Recalling the log-linear model systematic component: \[ \begin{aligned} log(E[Y_i]) = \beta_0 + \beta_1 \textrm{RACE}_i + \beta_2 \textrm{TRT}_i + \beta_3 \textrm{ALCH}_i + \nonumber \\ \beta_4 \textrm{DRUG}_i + log(t_i) \end{aligned} \]

Then the systematic part of the GLM is: \[ log(\lambda_i) = \beta_0 + \beta_1 \textrm{RACE}_i + \beta_2 \textrm{TRT}_i + \beta_3 \textrm{ALCH}_i + \beta_4 \textrm{DRUG}_i \] Or alternatively: \[ \lambda_i = exp \left( \beta_0 + \beta_1 \textrm{RACE}_i + \beta_2 \textrm{TRT}_i + \beta_3 \textrm{ALCH}_i + \beta_4 \textrm{DRUG}_i \right) \]

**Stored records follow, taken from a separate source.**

(* Let $\pi\colon E\to B$ and $\pi'\colon E'\to B'$ be Hurewicz fibrations with path-connected bases $B$ and $B'$. Let $f,g\colon E\to E'$ and $\bar f,\bar g\colon B\to B'$ be continuous maps with $\pi'\circ f=\bar f\circ\pi$ and $\pi'\circ g=\bar g\circ\pi$. Let $b_0\in B$ satisfy $\bar f(b_0)=b_0'=\bar g(b_0)$, let $F_0=\pi^{-1}(b_0)$, $F_0'=\pi'^{-1}(b_0')$, and let $f_0,g_0\colon F_0\to F_0'$ be the maps induced by $f$ and $g$. Then $$\mathrm{D}(f,g)+1\leq \big(\mathrm{D}(f_0,g_0)+1\big)\big(\mathrm{cat}(B)+1\big).$$
   Context: For continuous maps $f,g\colon X\to Y$, the homotopic distance $\mathrm{D}(f,g)$ is the least integer $n\geq 0$ such that there is an open cover $\{U_0,\dots,U_n\}$ of $X$ with $f|_{U_j}\simeq g|_{U_j}$ for all $j$ ($\infty$ if none exists). For a path-connected space $B$, $\mathrm{cat}(B)$ is the least integer $n\geq 0$ such that $B$ can be covered by $n+1$ open sets whose inclusions into $B$ are null-homotopic. *)

From HB Require Import structures.
From mathcomp Require Import all_boot all_order all_algebra.
From mathcomp Require Import all_classical all_reals topology ereal.
From mathcomp Require Import Rstruct Rstruct_topology.
From Stdlib Require Import Rdefinitions.

Set Implicit Arguments.
Unset Strict Implicit.
Unset Printing Implicit Defensive.

Import Order.TTheory GRing.Theory Num.Theory.
Local Open Scope classical_set_scope.
Local Open Scope ring_scope.

Definition unitI : set R := `[0%R, 1%R].
Definition II := set_type unitI.

Lemma I0_mem : (0%R : R) \in unitI.
Proof. by apply/mem_set; rewrite /unitI /= in_itv /= lexx ler01. Qed.
Lemma I1_mem : (1%R : R) \in unitI.
Proof. by apply/mem_set; rewrite /unitI /= in_itv /= lexx ler01. Qed.
Definition I0 : II := exist _ 0%R I0_mem.
Definition I1 : II := exist _ 1%R I1_mem.


Section Homotopy.
Lemma pattern_sym m (B : 'M[C]_(m, n)) i j : pattern B i j -> pattern B j i.
Proof. by move/patternP=> H; apply/patternP=> r; rewrite H. Qed.

Lemma pattern_trans m (B : 'M[C]_(m, n)) i j l :
  pattern B i j -> pattern B j l -> pattern B i l.
Proof. by move=> /patternP H1 /patternP H2; apply/patternP=> r; rewrite H1 H2. Qed.

Lemma pattern_submx m (B : 'M[C]_(m, n)) (u : 'rV[C]_n) i j :
  (u <= B)%MS -> pattern B i j -> u 0 i = u 0 j.
Proof.
by case/submxP=> c -> /patternP H; rewrite !mxE; apply: eq_bigr => r _; rewrite H.
Qed.

Lemma pattern_subset m1 m2 (U : 'M[C]_(m1, n)) (W : 'M[C]_(m2, n)) :
  (U <= W)%MS -> subrel (pattern W) (pattern U).
Proof.
move=> sUW i j Wij; apply/patternP => r.
by have := pattern_submx (submx_trans (row_sub r U) sUW) Wij; rewrite !mxE.
Qed.

Lemma in_PclosureE m (W : 'M[C]_(m, n)) x :
  in_Pclosure W x <-> (forall i j, pattern W i j -> x 0 i = x 0 j).
Proof.
split=> [H i j Wij | H R HR i j Rij].
  by apply: (H (pattern W)) => // w Hw a b; apply: pattern_submx.
apply: H; apply/patternP => r.
by have := HR (row r W) (row_sub r W) i j Rij; rewrite !mxE.
Qed.

(* Inclusion of polydiagonal closures is reverse inclusion of patterns; for
   the direct implication, test P(U) <= P(W) on the indicator vector of the
   pattern class of a cell i. *)
Lemma PsubE m1 m2 (U : 'M[C]_(m1, n)) (W : 'M[C]_(m2, n)) :
  Psub U W <-> subrel (pattern W) (pattern U).
Proof.
split=> [H i j Wij | H x /in_PclosureE Hx]; last first.
  by apply/in_PclosureE => i j /H; apply: Hx.
pose x : 'rV[C]_n := \row_l (pattern U i l)%:R.
have Ux : in_Pclosure U x.
  apply/in_PclosureE => a b Uab; rewrite !mxE.
  suff -> : pattern U i a = pattern U i b by [].
  apply/idP/idP => [Uia|Uib]; first exact: pattern_trans Uia Uab.
  exact: pattern_trans Uib (pattern_sym Uab).
have := (proj1 (in_PclosureE W x) (H x Ux)) i j Wij.
by rewrite !mxE pattern_refl; case: (pattern U i j) => //= /eqP; rewrite oner_eq0.
Qed.

Lemma Psub_eqmx m1 m2 m3 m4 (U : 'M[C]_(m1, n)) (U' : 'M[C]_(m2, n))
  (W : 'M[C]_(m3, n)) (W' : 'M[C]_(m4, n)) :
  (U == U')%MS -> (W == W')%MS -> Psub U W -> Psub U' W'.
Proof.
move=> /andP[_ sU'U] /andP[sWW' _] /PsubE sPUW; apply/PsubE => i j W'ij.
exact/(pattern_subset sU'U)/sPUW/(pattern_subset sWW').
Qed.

End Patterns.

Section Krylov.
Variables (R : fieldType) (n : nat) (N : 'M[R]_n).
Implicit Types (x u : 'rV[R]_n).

Lemma mulmx_exprD x a b : x *m N ^+ (a + b) = x *m N ^+ a *m N ^+ b.
Proof. by rewrite exprD -mulmxE mulmxA. Qed.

Interpretation of coefficients

  • Suppose that \(\hat \beta_1 = -0.5\) in the fitted model, where \(\textrm{RACE}_i=0\) for white and \(\textrm{RACE}_i=1\) for non-white.
  • The mean rate of emergency room visits per unit time for white relative to non-white, all else held equal, is estimated to be:

\[ \frac{exp \left( \beta_0 + 0 + \beta_2 \textrm{TRT}_i + \beta_3 \textrm{ALCH}_i + \beta_4 \textrm{DRUG}_i \right)}{exp \left( \beta_0 - 0.5 + \beta_2 \textrm{TRT}_i + \beta_3 \textrm{ALCH}_i + \beta_4 \textrm{DRUG}_i \right)} \] \[ = \frac{e^{\beta_0} e^0 e^{\beta_2 \textrm{TRT}_i} e^{\beta_3 \textrm{ALCH}_i} e^{\beta_4 \textrm{DRUG}_i}} {e^{\beta_0} e^{-0.5} e^{\beta_2 \textrm{TRT}_i} e^{\beta_3 \textrm{ALCH}_i} e^{\beta_4 \textrm{DRUG}_i}} \] \[ = \frac{e^0}{e^{-0.5}} \] \[ = e^{0.5} \approxeq 1.65 \]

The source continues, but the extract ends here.